These are the key concepts you need to understand to accurately answer the question.

Principal Quantum Number
The principal quantum number, denoted as \( n \), is one of the most fundamental quantum numbers. It indicates the main energy level or shell that an electron occupies within an atom. Think of it as the electron's home address regarding its energy. The principal quantum number can take any positive integer value starting from 1.

  • \( n = 1 \) is the closest and lowest energy level, commonly referred to as the ground state.
  • As \( n \) increases, electrons are found in shells that are further from the nucleus and have higher energy levels.
  • For example, in a lithium atom’s ground state, the two innermost electrons have \( n = 1 \), while the third electron is in the next available energy level \( n = 2 \).
The further away the electron is from the nucleus, the more energy it has, and the higher its principal quantum number. Understanding \( n \) helps in grasping the structure and stability of atoms.
Azimuthal Quantum Number
The azimuthal quantum number, symbolized by \( \ell \), determines the shape of an electron's orbital and is sometimes called the angular momentum quantum number. This quantum number is crucial because it enhances our understanding of chemical bonding and the shapes of molecules.

  • \( \ell \) can take integer values from 0 up to \( n-1 \).
  • When \( \ell = 0 \), the orbital is spherical and is often called an \( s \)-orbital.
  • A value of \( \ell = 1 \) corresponds to \( p \)-orbitals, which have more complex, dumbbell-like shapes.
For instance, the two electrons of lithium in the problem are in \( s \)-orbitals since they have \( \ell = 0 \). The third electron could potentially be in a \( p \)-orbital when the atom reaches an excited state, with \( \ell = 1 \). Understanding \( \ell \) is key to visualizing and predicting electron arrangements.
Spin Quantum Number
The spin quantum number, denoted as \( m_s \), describes the intrinsic angular momentum or "spin" of an electron.

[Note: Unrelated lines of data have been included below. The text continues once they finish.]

(** A node that is uncolored while an out-neighbour is colored can see (by a
    walk) a node that was colored initially, since colors only travel along
    walks. For every such node [v] fix a shortest walk [q k -> ... -> q 0] from
    [v = q k] to an initially colored [q 0] and cut the rounds into consecutive
    windows, one per edge: if in window [i] the node [q (i+1)] picks [q i] at
    least once, the color reaches [v] by the end of the last window. A node of
    out-degree [d] misses a fixed neighbour for [l] rounds with probability
    [(1 - 1/d)^l <= exp (-l/d)]. With windows of length [T/D] (directed case), or
    [d T / 3n] for a node of degree [d] (undirected case: no node has more
    than three neighbours on a shortest path, so the degrees along it sum to
    at most [3n]), every miss has probability at most [e / n^4], and a union bound
    over the at most [n^2] pairs [(v, i)] leaves a failure probability of
    [e / n^2 <= 6 / (n + 1)]. *)
From mathcomp Require Import all_boot zify.
From Stdlib Require Import Reals Lra Classical.
(* [Reals] rebinds [^] and [%N] on [nat]; restore the ssrnat notations. *)
Import ssrnat.

Set Implicit Arguments.
Unset Strict Implicit.
Unset Printing Implicit Defensive.

Lemma card_ffun_family (aT rT : finType) (F : aT -> pred rT) :
  #|[set f : {ffun aT -> rT} | [forall x, f x \in F x]]| = \prod_x #|F x|.
Proof.
have := card_family (rT := fun=> rT) F; rewrite foldrE big_map big_enum /= => <-.
by apply: eq_card => f; rewrite inE; apply/forallP/familyP.
Qed.

Lemma card_ffun2_family (I J K : finType) (F : I -> J -> pred K) :
  #|[set c : {ffun I -> {ffun J -> K}} | [forall t, [forall v, c t v \in F t v]]]| =
  \prod_t \prod_v #|F t v|.
Proof.
rewrite -(eq_bigr _ (fun t _ => card_ffun_family (F t))) -card_ffun_family.
by apply: eq_card => c; rewrite !inE; apply: eq_forallb => t; rewrite inE.
Qed.
(* Let $A$ be an enumerable set of binary strings. There exists an oracle machine $\Psi$ such that for every $1$-generic sequence $G\in\mathbb{N}^{\mathbb{N}}$, the machine $\Psi$ with oracle $G$ computes a total function $\alpha$ with $\underline{E}(\alpha,A)=0$.
   Context: A sequence $G\in\mathbb{N}^{\mathbb{N}}$ is $1$-generic if for every enumerable set $W$ of finite sequences of natural numbers, either $G$ has a prefix in $W$ or $G$ has a prefix none of whose extensions lies in $W$. For a total function $\alpha$ on binary strings, let $\varepsilon_n$ be the fraction of binary strings of length at most $n$ on which $\alpha$ differs from the characteristic function of $A$, and $\underline{E}(\alpha,A)=\liminf_n\varepsilon_n$. *)

From Stdlib Require Import Arith List Reals Cantor.
From Coquelicot Require Import Coquelicot.
Import ListNotations.
Local Open Scope nat_scope.

(* A model of oracle computation: unary mu-recursive functions on nat  *)
(* (arguments paired with the Cantor pairing), with an oracle call.     *)

Definition pair (a b : nat) : nat := Cantor.to_nat (a, b).
Definition fst_n (n : nat) : nat := fst (Cantor.of_nat n).
Definition snd_n (n : nat) : nat := snd (Cantor.of_nat n).

Inductive code : Type :=
| CZero
| CSucc
| CId
| CFst
| CSnd
| COracle
| CPair (f g : code)
| CComp (f g : code)
| CPrec (f g : code)         (* h <a,0> = f a ; h <a,n+1> = g <a,<n,h <a,n>>> *)
| CMu (f : code).            (* x |-> least n with f <x,n> = 0 (all earlier defined) *)

Inductive eval (G : nat -> nat) : code -> nat -> nat -> Prop :=
| ev_zero x : eval G CZero x 0
| ev_succ x : eval G CSucc x (S x)
| ev_id x : eval G CId x x
| ev_fst x : eval G CFst x (fst_n x)
| ev_snd x : eval G CSnd x (snd_n x)
| ev_oracle x : eval G COracle x (G x)
| ev_pair f g x y z : eval G f x y -> eval G g x z -> eval G (CPair f g) x (pair y z)
| ev_comp f g x y z : eval G g x y -> eval G f y z -> eval G (CComp f g) x z
| ev_prec0 f g a y : eval G f a y -> eval G (CPrec f g) (pair a 0) y
| ev_precS f g a n z y : eval G (CPrec f g) (pair a n) z ->
    eval G g (pair a (pair n z)) y -> eval G (CPrec f g) (pair a (S n)) y
| ev_mu f x n : eval G f (pair x n) 0 ->
    (forall m : nat, (m < n)%nat -> exists y, eval G f (pair x m) (S y)) ->
    eval G (CMu f) x n.

(* Computation without oracle (the oracle is the constant 0 function,
   which is computable, so this is plain partial computability). *)
Definition eval0 (c : code) (x y : nat) : Prop := eval (fun _ => 0) c x y.

(* Bijective base-2 numbering of binary strings. *)
Fixpoint enc_bits (s : list bool) : nat :=
  match s with
  | [] => 0
  | b :: s' => 2 * enc_bits s' + (if b then 2 else 1)
  end.

Fixpoint enc_nats (s : list nat) : nat :=
  match s with
  | [] => 0
  | x :: s' => S (pair x (enc_nats s'))
  end.

Definition enumerable_bits (A : list bool -> bool) : Prop :=
  exists e : code, forall s, A s = true <-> exists y, eval0 e (enc_bits s) y.

Definition enumerable_nats (W : list nat -> Prop) : Prop :=
  exists e : code, forall s, W s <-> exists y, eval0 e (enc_nats s) y.

Definition prefix (G : nat -> nat) (n : nat) : list nat := map G (seq 0 n).

Definition one_generic (G : nat -> nat) : Prop :=
  forall W : list nat -> Prop, enumerable_nats W ->
    (exists n, W (prefix G n)) \/
    (exists n, forall t : list nat, ~ W (prefix G n ++ t)).

Fixpoint strings_of_len (k : nat) : list (list bool) :=
  match k with
  | 0 => [[]]
  | S k' => flat_map (fun s => [false :: s; true :: s]) (strings_of_len k')
  end.

Definition strings_upto (n : nat) : list (list bool) :=
  flat_map strings_of_len (seq 0 (S n)).

Definition err_frac (alpha A : list bool -> bool) (n : nat) : R :=
  (INR (length (filter (fun s => negb (Bool.eqb (alpha s) (A s))) (strings_upto n)))
  / INR (length (strings_upto n)))%R.

Definition lower_err (alpha A : list bool -> bool) : Rbar :=
  LimInf_seq (err_frac alpha A).

(* The machine copies the oracle: alpha(s) = 1 iff G(code of s) <> 0, and since the strings of
   length <= n are exactly the codes below 2^(n+1) - 1, it suffices to show that on infinitely
   many initial segments [0, N) the set A and the support of G differ on at most (4N + K)/K
   points, for every K.  Fix K and let j be maximal such that A has density >= j/K on
   infinitely many initial segments; on all long segments its density is then < (j+1)/K.
   Let W be the enumerable set of strings of length N >= M whose nonzero entries at positions
   i >= N/K all lie in A and number at least (j-2)N/K.  No prefix of G can avoid W, because
   extending it by the characteristic function of A lands in W; so by 1-genericity some
   prefix of G lies in W.  On that prefix G is nonzero only on points of A (positions < N/K
   aside), and it misses fewer than 3N/K points of A since A has fewer than (j+1)N/K there. *)
From Stdlib Require Import Arith List Lia Cantor Bool Reals Lra.
From Stdlib Require Import Classical ClassicalEpsilon FunctionalExtensionality.
From Coquelicot Require Import Coquelicot.
Import ListNotations.
Local Open Scope nat_scope.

Each electron acts as though it is spinning on its axis, and \( m_s \) helps us understand this property.

  • It can take one of two possible values: \( +\frac{1}{2} \) or \( -\frac{1}{2} \).
  • This means an electron can have a "spin-up" or "spin-down" orientation.
  • The differing spins reduce repulsion between electrons, allowing them to coexist within the same orbital.
In the case of a lithium atom, two electrons in the ground state occupy the \( n=1 \) level and have spins \( +\frac{1}{2} \) and \( -\frac{1}{2} \). Only these two electrons with opposite spins can exist in the same orbital, showcasing the importance of the spin quantum number in defining electron distribution.
Lithium Atom Ground State
The ground state configuration describes how electrons are distributed under the lowest possible energy conditions. For lithium, which has three electrons, the simplest configuration can be described by the quantum numbers associated with its electrons.

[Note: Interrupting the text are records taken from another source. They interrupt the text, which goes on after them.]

Lemma omega_weight_bound n : (2 <= n)%nat ->
  omega_weight (n - 1) * sqrt (INR n) <= 64 * Rpower (INR n) (3 / 4).
Proof.
  intros Hn. assert (Hpos : 0 < INR n) by (apply lt_0_INR; lia).
  replace (3 / 4) with (/ 2 * / 2 + / 2) by field.
  rewrite Rpower_plus, <- Rpower_mult, !Rpower_sqrt; auto; [|apply exp_pos].
  fold (fourth_root (INR n)). unfold omega_weight.
  assert (2 ^ small_omega (n - 1) <= 64)
    by (replace 64 with (2 ^ 6) by (simpl; ring); apply Rle_pow; [lra|apply small_omega_le6]).
  rewrite <- Rmult_assoc. apply Rmult_le_compat_r; [apply sqrt_pos|].
  apply Rmult_le_compat; [apply pow_le; lra|apply sqrt_pos|assumption|].
  apply fourth_root_le. lia.
Qed.

Theorem lemma3p1 :
  forall eps : R, 0 < eps < 1 / 16 ->
  exists (C : R) (p0 : nat),
    forall p t s : nat,
      prime (Z.of_nat p) -> (p0 <= p)%nat ->
      prim_root p t ->
      (1 <= s <= p - 1)%nat -> Nat.gcd s (p - 1) = 1%nat ->
      expsum_abs p s t <= C * Rpower (INR p) (1 - eps).
Proof.
  intros eps Heps. exists 64, 2%nat. intros p t s Hp Hp2 [_ Ht] Hs _.
  apply nat_prime_of_Z in Hp.
  assert (Hsp : ~ Nat.divide p s) by (intros Hd; apply Nat.divide_pos_le in Hd; lia).
  assert (Hphase : forall n,
            2 * PI * INR s * INR (t ^ n) / INR p = 2 * PI * INR (s * t ^ n) / INR p)
    by (intros n; rewrite mult_INR; field; apply not_0_INR; lia).
  unfold expsum_abs, expsum_re, expsum_im. rewrite !fold_right_idx.
  rewrite (coprime_sum_ext (fun n => cos _) (fun n => ecos p (s * t ^ n))),
    (coprime_sum_ext (fun n => sin _) (fun n => esin p (s * t ^ n)))
    by (intros n; unfold ecos, esin; rewrite Hphase; reflexivity).
  eapply Rle_trans.
  { apply (coprime_orbit_sum_bound p s Hp Hsp omega_weight omega_weight_1).
    - intros q D [Hq _] _. apply omega_weight_mul. lia.
    - exact omega_weight_new_prime.
    - lia.
    - destruct Ht as [Ht1 Hmin]. split; [exact Ht1|split; [lia|exact Hmin]].
    - apply Nat.divide_refl. }
  eapply Rle_trans; [apply omega_weight_bound; lia|].
  apply Rmult_le_compat_l; [lra|]. apply Rle_Rpower; [|lra].
  replace 1 with (INR 1) by reflexivity. apply le_INR. lia.
Qed.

  • The first two electrons fill the first energy shell, \( n=1 \), in the \( s \)-orbital where \( \ell=0 \).
  • These electrons have spins \( +\frac{1}{2} \) and \( -\frac{1}{2} \), balancing each other.
  • The third electron, in its ground state, takes the next available energy level, \( n=2 \), filling the \( 2s \)-orbital with \( \ell=0, m_\ell=0 \), and either \( m_s=+\frac{1}{2} \) or \( -\frac{1}{2} \).
This configuration ensures that all electrons are in their lowest possible energy state, making the atom as stable as possible.
Excited State Configuration
In an excited state, an electron absorbs energy and moves to a higher energy level or orbital, beyond its original ground state position. For lithium, an excited state does not follow the conventional lowest energy arrangement of electrons.

  • Excited states occur when the third electron in lithium transitions to the \( 2p \)-orbital.
  • Here, \( n=2, \ell=1 \), providing several possible \( m_\ell \) values: \(-1, 0, 1\).
  • The spin quantum number \( m_s \) remains \( +\frac{1}{2} \) or \( -\frac{1}{2} \), offering a variety of electron configurations.
Such transitions allow electrons to interact in new ways, influencing chemical reactions and the absorption and emission of light. Understanding these excited states is critical for applications in spectroscopy and other fields of study where electron behavior is essential.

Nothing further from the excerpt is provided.